(* Let $n>s+1$, let $(p_{ij})_{i\neq j}$ be a probability distribution on $\mathcal{P}_n$ with $p_{ij}=p_{ji}>0$ for all $i\neq j$, let $Y_0\in(\mathbb{R}^s)^n$ be arbitrary, and let $Y(t)$ be the solution of the gradient flow of relative entropy with $Y(0)=Y_0$. (i) If $\beta(x)=(1+x)^{-1}$, then there is a uniform constant $C$ such that $\operatorname{diam} Y(t)\le C\,t^{1/4}$ for all $t\ge 1$. (ii) If $\beta(x)=e^{-x}$, then there is a uniform constant $C$ such that $\operatorname{diam} Y(t)\le C$ for all $t\ge 0$.
   Context: Standing setup. Fix integers $s\ge 1$ and $n>s+1$. Let $\mathcal{P}_n=\{(i,j): i,j\in\{1,\dots,n\},\ i\neq j\}$. Let $(p_{ij})_{i\neq j}$ be a probability distribution on $\mathcal{P}_n$ (so $\sum_{i\neq j}p_{ij}=1$) with $p_{ij}=p_{ji}>0$ for all $i\neq j$. Let $\beta:[0,\infty)\to(0,\infty)$ be a smooth decreasing function with $\sup_{x\ge 0}|(\log\beta)'(x)|<\infty$. For points $Y=(y_1,\dots,y_n)$ with $y_i\in\mathbb{R}^s$ define $q_{ij}=\beta(|y_i-y_j|^2)/\sum_{k\neq \ell}\beta(|y_k-y_\ell|^2)$ for $i\neq j$, and the relative entropy $\mathcal{C}(Y)=\sum_{i\neq j}p_{ij}\log(p_{ij}/q_{ij})$. The gradient flow of $\mathcal{C}$ is the ODE system $$\frac{dy_i}{dt}=4\sum_{j\neq i}(p_{ij}-q_{ij})(y_i-y_j)(\log\beta)'(|y_i-y_j|^2),\qquad i=1,\dots,n,$$ which, for any initial data $Y_0=Y(0)\in(\mathbb{R}^s)^n$, has a solution $Y(t)=(y_1(t),\dots,y_n(t))$ for all $t\ge0$. $\operatorname{diam}Y=\max_{i,j}|y_i-y_j|$. A constant is ''uniform'' if it is independent of $t$ (it may depend on $n,s,Y_0,(p_{ij}),\beta$). *)

From HB Require Import structures.
From mathcomp Require Import all_boot all_order all_algebra.
From mathcomp Require Import all_classical all_reals all_analysis.
Set Implicit Arguments. Unset Strict Implicit. Unset Printing Implicit Defensive.
Import Order.TTheory GRing.Theory Num.Theory.
Import numFieldNormedType.Exports.
Local Open Scope ring_scope.
Local Open Scope classical_set_scope.

Section Defs.
Variable R : realType.

(* A configuration Y = (y_1,...,y_n), y_i in R^s, as a function 'I_n -> 'I_s -> R. *)

Definition dist2 (n s : nat) (Y : 'I_n -> 'I_s -> R) (i j : 'I_n) : R :=
  \sum_(k < s) (Y i k - Y j k) ^+ 2.

Definition diam (n s : nat) (Y : 'I_n -> 'I_s -> R) : R :=
  \big[Num.max/0]_(i < n) \big[Num.max/0]_(j < n) Num.sqrt (dist2 Y i j).

Definition qq (beta : R -> R) (n s : nat) (Y : 'I_n -> 'I_s -> R) (i j : 'I_n) : R :=
  beta (dist2 Y i j) /
  (\sum_(k < n) \sum_(l < n | l != k) beta (dist2 Y k l)).

(* (p_ij)_{i<>j}: symmetric, positive probability distribution on P_n
   (diagonal values p i i are irrelevant and unused). *)
Definition prob_on_pairs (n : nat) (p : 'I_n -> 'I_n -> R) : Prop :=
  (forall i j : 'I_n, i != j -> 0 < p i j) /\
  (forall i j : 'I_n, i != j -> p i j = p j i) /\
  (\sum_(i < n) \sum_(j < n | j != i) p i j = 1).

Definition flow_rhs (beta : R -> R) (n s : nat) (p : 'I_n -> 'I_n -> R)
  (Y : 'I_n -> 'I_s -> R) (i : 'I_n) (k : 'I_s) : R :=
  4 * \sum_(j < n | j != i)
        (p i j - qq beta Y i j) * (Y i k - Y j k) *
        derive1 (fun x => ln (beta x)) (dist2 Y i j).

Definition is_flow_solution (beta : R -> R) (n s : nat) (p : 'I_n -> 'I_n -> R)
  (Y0 : 'I_n -> 'I_s -> R) (Y : R -> 'I_n -> 'I_s -> R) : Prop :=
  (forall i k, Y 0 i k = Y0 i k) /\
  (forall i k, (fun t : R => Y t i k) @ (0:R)^'+ --> Y0 i k) /\
  (forall t : R, 0 < t -> forall i k,
     is_derive t 1 (fun u => Y u i k) (flow_rhs beta p (Y t) i k)).

Definition beta_t (x : R) : R := (1 + x)^-1.
Definition beta_g (x : R) : R := expR (- x).

End Defs.

(* The cross entropy [- \sum p_ij log q_ij] differs from the relative entropy by
   a constant and decreases along the flow.  All its terms
   [log Z - log beta(|y_i - y_j|^2)] are nonnegative, so each one stays below a
   uniform multiple of [1 / p_ij]: at all times the values
   [beta(|y_a - y_b|^2)] and [beta(|y_k - y_l|^2)] have uniformly bounded ratio.

   For [beta = exp(- x)] this says that all squared distances differ by a
   bounded amount.  Now [n >= s + 2] points of [R^s] cannot be almost
   equidistant at a large scale [m]: [s + 1] difference vectors from a base
   point are linearly dependent, while their Gram matrix is close to
   [m/2 (I + J)], whose smallest eigenvalue is [m/2].

   For [beta = (1 + x)^-1] the sum [V] of all squared distances satisfies
   [V' = 8 n \sum w_ij |y_i - y_j|^2] for the flow weights [w], and the
   comparability of the [1 + |y_i - y_j|^2] gives [V V' <= const].  Hence [V^2]
   grows at most linearly, and [diam^4 <= V^2]. *)

From HB Require Import structures.
From mathcomp Require Import all_boot all_order all_algebra.
From mathcomp Require Import all_classical all_reals all_analysis.
From mathcomp Require Import ring lra zify.
Import Order.TTheory GRing.Theory Num.Theory.
Import numFieldNormedType.Exports.
Local Open Scope ring_scope.
Local Open Scope classical_set_scope.

Set Implicit Arguments.
Unset Strict Implicit.

Section SquaredDistances.
Variables (R : realType) (n s : nat).
Implicit Types (Y : 'I_n -> 'I_s -> R) (i j : 'I_n).

Definition sqdist_sum Y : R := \sum_i \sum_j dist2 Y i j.

Lemma dist2_ge0 Y i j : 0 <= dist2 Y i j.
Proof. by apply: sumr_ge0 => k _; exact: sqr_ge0. Qed.

Lemma dist2C Y i j : dist2 Y i j = dist2 Y j i.
Proof. by apply: eq_bigr => k _; rewrite -sqrrN opprB. Qed.

Lemma dist2xx Y i : dist2 Y i i = 0.
Proof. by apply: big1 => k _; rewrite subrr expr0n. Qed.

Lemma sqdist_sum_ge0 Y : 0 <= sqdist_sum Y.
Proof. by apply: sumr_ge0 => i _; apply: sumr_ge0 => j _; exact: dist2_ge0. Qed.

Lemma dist2_le_sqdist_sum Y i j : dist2 Y i j <= sqdist_sum Y.
Proof.
rewrite /sqdist_sum (bigD1 i) //= (bigD1 j) //= -addrA lerDl.
apply: addr_ge0; first by apply: sumr_ge0 => k _; exact: dist2_ge0.
by apply: sumr_ge0 => a _; apply: sumr_ge0 => b _; exact: dist2_ge0.
Qed.

Lemma diam_ge0 Y : 0 <= diam Y.
Proof.
rewrite /diam; elim/big_ind: _ => [//|x y hx _|i _]; first by rewrite le_max hx.
elim/big_ind: _ => [//|x y hx _|j _]; first by rewrite le_max hx.
exact: sqrtr_ge0.
Qed.

Lemma diam_le_sqrt Y (B : R) : 0 <= B ->
  (forall i j, dist2 Y i j <= B) -> diam Y <= Num.sqrt B.
Proof.
move=> B0 hB; rewrite /diam; elim/big_ind: _ => [|x y hx hy|i _]; first exact: sqrtr_ge0.
  by rewrite ge_max hx hy.
elim/big_ind: _ => [|x y hx hy|j _]; first exact: sqrtr_ge0.
  by rewrite ge_max hx hy.
exact: ler_wsqrtr.
Qed.

Lemma diam_exp4_le Y : diam Y ^+ 4 <= sqdist_sum Y ^+ 2.
Proof.
have V0 := sqdist_sum_ge0 Y.
have -> : sqdist_sum Y ^+ 2 = Num.sqrt (sqdist_sum Y) ^+ 4.
  by rewrite (exprM _ 2 2) sqr_sqrtr.
rewrite ler_pXn2r ?nnegrE ?diam_ge0 ?sqrtr_ge0 //.
exact: diam_le_sqrt V0 (dist2_le_sqdist_sum Y).
Qed.

End SquaredDistances.

Section AlmostEquidistant.
Variable R : realType.

Lemma rV_kernel_nonzero (N s : nat) (A : 'M[R]_(N, s)) : (s < N)%N ->
  exists2 x : 'rV[R]_N, x != 0 & x *m A = 0.
Proof.
move=> sN; have hK : kermx A != 0.
  by rewrite -mxrank_eq0 mxrank_ker; have := rank_leq_col A; lia.
have [i hi] : exists i, row i (kermx A) != 0.
  apply/existsP; rewrite -negb_forall; apply: contra hK => /forallP h.
  by apply/eqP/row_matrixP => i; rewrite row0; apply/eqP/h.
by exists (row i (kermx A)); rewrite // -row_mul mulmx_ker row0.
Qed.

Lemma quad_form_gram (N s : nat) (x : 'I_N -> R) (v : 'I_N -> 'I_s -> R) :
  \sum_i \sum_j x i * x j * (\sum_k v i k * v j k) =
  \sum_k (\sum_i x i * v i k) ^+ 2.
Proof.
symmetry; under eq_bigr => k _ do rewrite expr2 mulr_suml.
rewrite exchange_big; apply: eq_bigr => i _ /=.
under eq_bigr => k _ do rewrite mulr_sumr.
rewrite exchange_big; apply: eq_bigr => j _ /=.
by rewrite mulr_sumr; apply: eq_bigr => k _; ring.
Qed.

Lemma quad_form_perturb (N : nat) (x : 'I_N -> R) (G T : 'I_N -> 'I_N -> R)
    (c : R) : (forall i j, `|G i j - T i j| <= c) ->
  \sum_i \sum_j x i * x j * T i j - c * N%:R * \sum_i x i ^+ 2 <=
  \sum_i \sum_j x i * x j * G i j.
Proof.
move=> hGT.
have -> : c * N%:R * \sum_i x i ^+ 2 =
    \sum_i \sum_(j < N) c * (x i ^+ 2 + x j ^+ 2) / 2.
  transitivity (\sum_i \sum_(j < N) c / 2 * x i ^+ 2 +
                \sum_j \sum_(i < N) c / 2 * x j ^+ 2); last first.
    rewrite [X in _ + X]exchange_big -big_split; apply: eq_bigr => i _.
    by rewrite -big_split; apply: eq_bigr => j _ /=; ring.
  rewrite -big_split /= mulr_sumr; apply: eq_bigr => i _.
  by rewrite !sumr_const card_ord -mulrnDr -mulr_natr; field.
rewrite -sumrB; apply: ler_sum => i _; rewrite -sumrB; apply: ler_sum => j _.
have c0 : 0 <= c := le_trans (normr_ge0 _) (hGT i j).
have amgm : `|x i| * `|x j| <= (x i ^+ 2 + x j ^+ 2) / 2.
  rewrite -[x i ^+ 2]real_normK ?num_real // -[x j ^+ 2]real_normK ?num_real //.
  have := sqr_ge0 (`|x i| - `|x j|); lra.
have : `|x i * x j * (G i j - T i j)| <= c * (x i ^+ 2 + x j ^+ 2) / 2.
  rewrite normrM; apply: le_trans (ler_wpM2l (normr_ge0 _) (hGT i j)) _.
  by rewrite normrM mulrC -mulrA ler_wpM2l.
rewrite ler_norml => /andP[+ _]; lra.
Qed.

Lemma quad_form_equilateral (N : nat) (x : 'I_N -> R) (m : R) :
  \sum_i \sum_j x i * x j * (m / 2 * (1 + (i == j)%:R)) =
  m / 2 * (\sum_i x i) ^+ 2 + m / 2 * \sum_i x i ^+ 2.
Proof.
rewrite expr2 mulr_suml !mulr_sumr -big_split /=; apply: eq_bigr => i _.
rewrite mulr_sumr mulr_sumr [in RHS](bigD1 i) //= (bigD1 i) //= eqxx mulr1n.
under eq_bigr => j /negbTE ji do rewrite eq_sym ji addr0 mulr1.
under [in RHS]eq_bigr => j _ do rewrite mulrC.
ring.
Qed.

Lemma le_of_isotropic_near_equilateral (N : nat) (x : 'I_N -> R)
    (G : 'I_N -> 'I_N -> R) (m c : R) : 0 <= m -> (exists i, x i != 0) ->
  (forall i j, `|G i j - m / 2 * (1 + (i == j)%:R)| <= c) ->
  \sum_i \sum_j x i * x j * G i j = 0 -> m <= 2 * c * N%:R.
Proof.
move=> m0 [i xi] GT Gx.
have S2pos : 0 < \sum_i x i ^+ 2.
  rewrite (bigD1 i) //=; apply: ltr_pwDl; first by rewrite lt_def sqrf_eq0 xi sqr_ge0.
  by apply: sumr_ge0 => j _; exact: sqr_ge0.
have := quad_form_perturb x GT; rewrite quad_form_equilateral Gx => h.
have : (m / 2 - c * N%:R) * \sum_i x i ^+ 2 <= 0.
  have q0 : 0 <= m / 2 * (\sum_i x i) ^+ 2 by apply: mulr_ge0; [lra|exact: sqr_ge0].
  apply: le_trans h; rewrite -subr_ge0.
  by rewrite [X in 0 <= X](_ : _ = m / 2 * (\sum_i x i) ^+ 2) //; ring.
by rewrite pmulr_lle0 //; lra.
Qed.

━━━━━━━━━━━━━━━━

What is being asked —
Show all lines in the entries above where the word "mathbb" appears.

Answer box —
(* Let $n>s+1$, let $(p_{ij})_{i\neq j}$ be a probability distribution on $\mathcal{P}_n$ with $p_{ij}=p_{ji}>0$ for all $i\neq j$, let $Y_0\in(\mathbb{R}^s)^n$ be arbitrary, and let $Y(t)$ be the solution of the gradient flow of relative entropy with $Y(0)=Y_0$. (i) If $\beta(x)=(1+x)^{-1}$, then there is a uniform constant $C$ such that $\operatorname{diam} Y(t)\le C\,t^{1/4}$ for all $t\ge 1$. (ii) If $\beta(x)=e^{-x}$, then there is a uniform constant $C$ such that $\operatorname{diam} Y(t)\le C$ for all $t\ge 0$.
   Context: Standing setup. Fix integers $s\ge 1$ and $n>s+1$. Let $\mathcal{P}_n=\{(i,j): i,j\in\{1,\dots,n\},\ i\neq j\}$. Let $(p_{ij})_{i\neq j}$ be a probability distribution on $\mathcal{P}_n$ (so $\sum_{i\neq j}p_{ij}=1$) with $p_{ij}=p_{ji}>0$ for all $i\neq j$. Let $\beta:[0,\infty)\to(0,\infty)$ be a smooth decreasing function with $\sup_{x\ge 0}|(\log\beta)'(x)|<\infty$. For points $Y=(y_1,\dots,y_n)$ with $y_i\in\mathbb{R}^s$ define $q_{ij}=\beta(|y_i-y_j|^2)/\sum_{k\neq \ell}\beta(|y_k-y_\ell|^2)$ for $i\neq j$, and the relative entropy $\mathcal{C}(Y)=\sum_{i\neq j}p_{ij}\log(p_{ij}/q_{ij})$. The gradient flow of $\mathcal{C}$ is the ODE system $$\frac{dy_i}{dt}=4\sum_{j\neq i}(p_{ij}-q_{ij})(y_i-y_j)(\log\beta)'(|y_i-y_j|^2),\qquad i=1,\dots,n,$$ which, for any initial data $Y_0=Y(0)\in(\mathbb{R}^s)^n$, has a solution $Y(t)=(y_1(t),\dots,y_n(t))$ for all $t\ge0$. $\operatorname{diam}Y=\max_{i,j}|y_i-y_j|$. A constant is ''uniform'' if it is independent of $t$ (it may depend on $n,s,Y_0,(p_{ij}),\beta$). *)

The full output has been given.